Lemma eq0_nrm_vanishing x (u : nat -> R) :
  u @ \oo --> 0 -> (forall n, nrm x <= u n) -> x = 0.
Proof.
move=> u0 x_le; apply: (cs_norm_eq0 HA); apply/eqP; rewrite eq_le nrm_ge0 andbT.
by apply: (cvgr_to_ge u0); apply: nearW.
Qed.

Section Neumann.
Variable y : A.
Hypothesis y_lt1 : nrm y < 1.

Let S n := \sum_(i < n) y ^+ i.
Let r := nrm y.
Let r_ge0 : 0 <= r := nrm_ge0 y.
Let r1_gt0 : 0 < 1 - r. Proof. by rewrite subr_gt0. Qed.

Let S_mul_subr1 n : S n * (1 - y) = 1 - y ^+ n.
Proof.
have -> : S n * (1 - y) = (1 - y) * S n.
  apply/esym/commr_sum => i _; apply/commr_sym/commrB; first exact: commr1.
  exact/commr_sym/commrX/commr_refl.
exact: subr1_mul_sumX.
Qed.

Let nrm_S_sub_le n m : (n <= m)%N -> nrm (S m - S n) <= r ^+ n / (1 - r).
Proof.
move=> nm; rewrite /S -!(big_mkord xpredT) (big_cat_nat (leq0n n) nm) /=.
rewrite addrC addrK; apply: le_trans (nrm_sum_le _ _ _) _.
apply: le_trans (geometric_tail_le n m r_ge0 y_lt1).
by apply: ler_sum => i _; exact: nrm_expr_le.
Qed.

Let S_cauchy (e : R) : 0 < e -> exists N : nat, forall m n : nat,
  (N <= m)%N -> (N <= n)%N -> nrm (S m - S n) < e.
Proof.
move=> e_gt0; have r_lt1 : `|r| < 1 by rewrite ger0_norm.
have /cvgrPdist_lt/(_ (e * (1 - r)) (mulr_gt0 e_gt0 r1_gt0)) := cvg_expr r_lt1.
move=> [N _ rN]; exists N.
suff S_lt m n : (N <= n)%N -> (n <= m)%N -> nrm (S m - S n) < e.
  move=> m n Nm Nn; case: (leqP n m) => [nm|/ltnW mn]; first exact: S_lt.
  by rewrite nrm_distC; exact: S_lt.
move=> Nn nm; apply: (le_lt_trans (nrm_S_sub_le nm)).
have := rN n Nn; rewrite sub0r normrN ger0_norm ?exprn_ge0 //.
by rewrite ltr_pdivrMr.
Qed.

Lemma neumann_series : exists z,
  [/\ (1 - y) * z = 1, z * (1 - y) = 1 & nrm z <= (1 - nrm y)^-1].
Proof.
have [z Sz] := cs_complete HA S_cauchy.
have Sz0 : (fun n => nrm (S n - z)) @ \oo --> 0.
  apply/cvgrPdist_lt => e e_gt0; have [N SzN] := Sz e e_gt0.
  exists N => // n Nn /=; rewrite sub0r normrN ger0_norm ?nrm_ge0 //; exact: SzN.
have r_lt1 : `|r| < 1 by rewrite ger0_norm.
pose u n := nrm (1 - y) * nrm (S n - z) + r ^+ n.
have u0 : u @ \oo --> 0.
  have := cvgD (cvgM (cvg_cst (nrm (1 - y))) Sz0) (cvg_expr r_lt1).
  by rewrite mulr0 addr0; apply.
exists z; split.
- apply/subr0_eq/(eq0_nrm_vanishing u0) => n.
  have -> : (1 - y) * z - 1 = (1 - y) * (z - S n) - y ^+ n.
    by rewrite mulrBr subr1_mul_sumX opprB addrA addrAC addrK.
  apply: (le_trans (nrm_sub_le _ _)); apply: lerD; last exact: nrm_expr_le.
  by rewrite (nrm_distC (S n)); exact: nrm_submul.
- apply/subr0_eq/(eq0_nrm_vanishing u0) => n.
  have -> : z * (1 - y) - 1 = (z - S n) * (1 - y) - y ^+ n.
    by rewrite mulrBl S_mul_subr1 opprB addrA addrAC addrK.
  apply: (le_trans (nrm_sub_le _ _)); apply: lerD; last exact: nrm_expr_le.
  by rewrite mulrC (nrm_distC (S n)); exact: nrm_submul.
- have bound_cvg : (fun n => (1 - r)^-1 + nrm (S n - z)) @ \oo --> (1 - r)^-1.
    by have := cvgD (cvg_cst (1 - r)^-1) Sz0; rewrite addr0; apply.
  apply: (cvgr_to_ge bound_cvg); apply: nearW => n.
  have -> : nrm z = nrm (S n - (S n - z)) by rewrite subKr.
  apply: (le_trans (nrm_sub_le _ _)); apply: lerD => //.
  have := nrm_S_sub_le (leq0n n); rewrite expr0 div1r.
  by rewrite /S big_ord0 subr0.
Qed.

End Neumann.

Lemma neumann_inverse x : nrm x < 1 ->
  exists z, [/\ (1 + x) * z = 1, z * (1 + x) = 1 & nrm z <= (1 - nrm x)^-1].
Proof. by rewrite -nrmN => /neumann_series; rewrite opprK nrmN. Qed.

Lemma nrm_proj_subr_le1 p : is_proj st p -> nrm (1 - p) <= 1.
Proof. by move/projC/nrm_proj_le1. Qed.

Lemma nrm_sandwich_le P Q c : nrm P <= 1 -> nrm Q <= 1 -> nrm (Q * c * P) <= nrm c.
Proof.
move=> P_le1 Q_le1; apply: (le_trans (nrm_submul _ _)).
rewrite -[X in _ <= X]mulr1 ler_pM ?nrm_ge0 //.
by apply: (le_trans (nrm_submul _ _)); rewrite ler_piMl ?nrm_ge0.
Qed.

Lemma pq_inverse_perturb p q a b c :
  is_proj st p -> is_proj st q -> pq_inverse p q a b -> nrm b * nrm c < 1 ->
  exists b1, pq_inverse p q (a + c) b1 /\ nrm b1 <= nrm b / (1 - nrm b * nrm c).
Proof.
move=> p_proj q_proj ab bc_lt1; move: ab; rewrite /pq_inverse.
have PP := idem_subr p_proj.2; have QQ := idem_subr q_proj.2.
have P_le1 := nrm_proj_subr_le1 p_proj; have Q_le1 := nrm_proj_subr_le1 q_proj.
move: (1 - p) (1 - q) PP QQ P_le1 Q_le1 => P Q PP QQ P_le1 Q_le1 [b_eq ab_r ab_l].
have Pb : P * b = b by rewrite b_eq !mulrA PP.
have bQ : b * Q = b by rewrite b_eq -!mulrA QQ.
set c' := Q * c * P.
have c'_le : nrm c' <= nrm c by exact: nrm_sandwich_le.
have bc'_le : nrm (b * c') <= nrm b * nrm c.
  by apply: (le_trans (nrm_submul _ _)); exact: ler_wpM2l.
have c'b_le : nrm (c' * b) <= nrm b * nrm c.
  by apply: (le_trans (nrm_submul _ _)); rewrite mulrC; exact: ler_wpM2l.
have [N [N_r N_l N_le]] := neumann_inverse (le_lt_trans bc'_le bc_lt1).
have [N' [N'_r _ _]] := neumann_inverse (le_lt_trans c'b_le bc_lt1).
have NbN' : N * b = b * N' := push_through N_l N'_r.
have Qc' : Q * c' = c' by rewrite /c' !mulrA QQ.
have c'P : c' * P = c' by rewrite /c' -mulrA PP.
exists (N * b); split; first split.
- by rewrite -[P * _ * Q]mulrA -[N * b * Q]mulrA bQ NbN' mulrA Pb.
- have e : Q * (a + c) * P * b = Q * (1 + c' * b).
    by rewrite mulrDr !mulrDl ab_r [RHS]mulrDr mulr1 mulrA Qc'.
  by rewrite NbN' mulrA e -mulrA N'_r mulr1.
- have e : b * Q * (a + c) * P = (1 + b * c') * P.
    by rewrite mulrDr !mulrDl ab_l mul1r -[b * c' * P]mulrA c'P /c' !mulrA.
  by rewrite -(mulrA N) -(mulrA N) -(mulrA N) e mulrA N_l mul1r.
- apply: (le_trans (nrm_submul _ _)); rewrite mulrC ler_wpM2l ?nrm_ge0 //.
  apply: (le_trans N_le).
  rewrite lef_pV2 ?posrE ?subr_gt0 ?(le_lt_trans bc'_le bc_lt1) //.
  by rewrite lerD2l lerN2.
Qed.

Lemma nrm_proj_intertwiner_subr1 p p' :
  is_proj st p -> nrm (proj_intertwiner p p' - 1) <= 2 * nrm (p - p').
Proof.
move=> p_proj; rewrite proj_intertwiner_subr1; last exact: p_proj.2.
have le1 : nrm ((1 - p) * (p - p')) <= nrm (p - p').
  by apply: (le_trans (nrm_submul _ _)); rewrite ler_piMl ?nrm_ge0 ?nrm_proj_subr_le1.
have le2 : nrm (p * (p' - p)) <= nrm (p - p').
  apply: (le_trans (nrm_submul _ _)).
  by rewrite nrm_distC ler_piMl ?nrm_ge0 ?nrm_proj_le1.
by apply: (le_trans (nrm_triangle _ _)); lra.
Qed.

Lemma proj_similarity p p' :
  is_proj st p -> is_proj st p' -> 2 * nrm (p - p') < 1 ->
  exists Z W, [/\ Z * (1 - p') = (1 - p) * Z, W * Z = 1, Z * W = 1,
    nrm (Z - 1) <= 2 * nrm (p - p') & nrm W <= (1 - nrm (Z - 1))^-1].
Proof.
move=> p_proj p'_proj d_lt.
have Z_le := nrm_proj_intertwiner_subr1 p' p_proj.
have [W [ZW WZ W_le]] := neumann_inverse (le_lt_trans Z_le d_lt).
rewrite addrC subrK in ZW WZ.
exists (proj_intertwiner p p'), W; split => //.
exact: proj_intertwinerC p_proj.2 p'_proj.2.
Qed.

Lemma nrm_pq_inverse_le p q a b : is_proj st p -> is_proj st q ->
  pq_inverse p q a b -> nrm b <= nrm a * nrm b ^+ 2.
Proof.
move=> p_proj q_proj ab.
rewrite -{1}(pq_inverse_outer p_proj.2 q_proj.2 ab).
apply: (le_trans (nrm_submul _ _)); apply: le_trans (ler_wpM2r (nrm_ge0 b) (nrm_submul _ _)) _.
by rewrite expr2 mulrCA mulrA.
Qed.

• • • •

_Exercise:_
Where a line above includes "mulrDl", copy that line.

_Result for this exercise:_
    by rewrite mulrDr !mulrDl ab_r [RHS]mulrDr mulr1 mulrA Qc'.
    by rewrite mulrDr !mulrDl ab_l mul1r -[b * c' * P]mulrA c'P /c' !mulrA.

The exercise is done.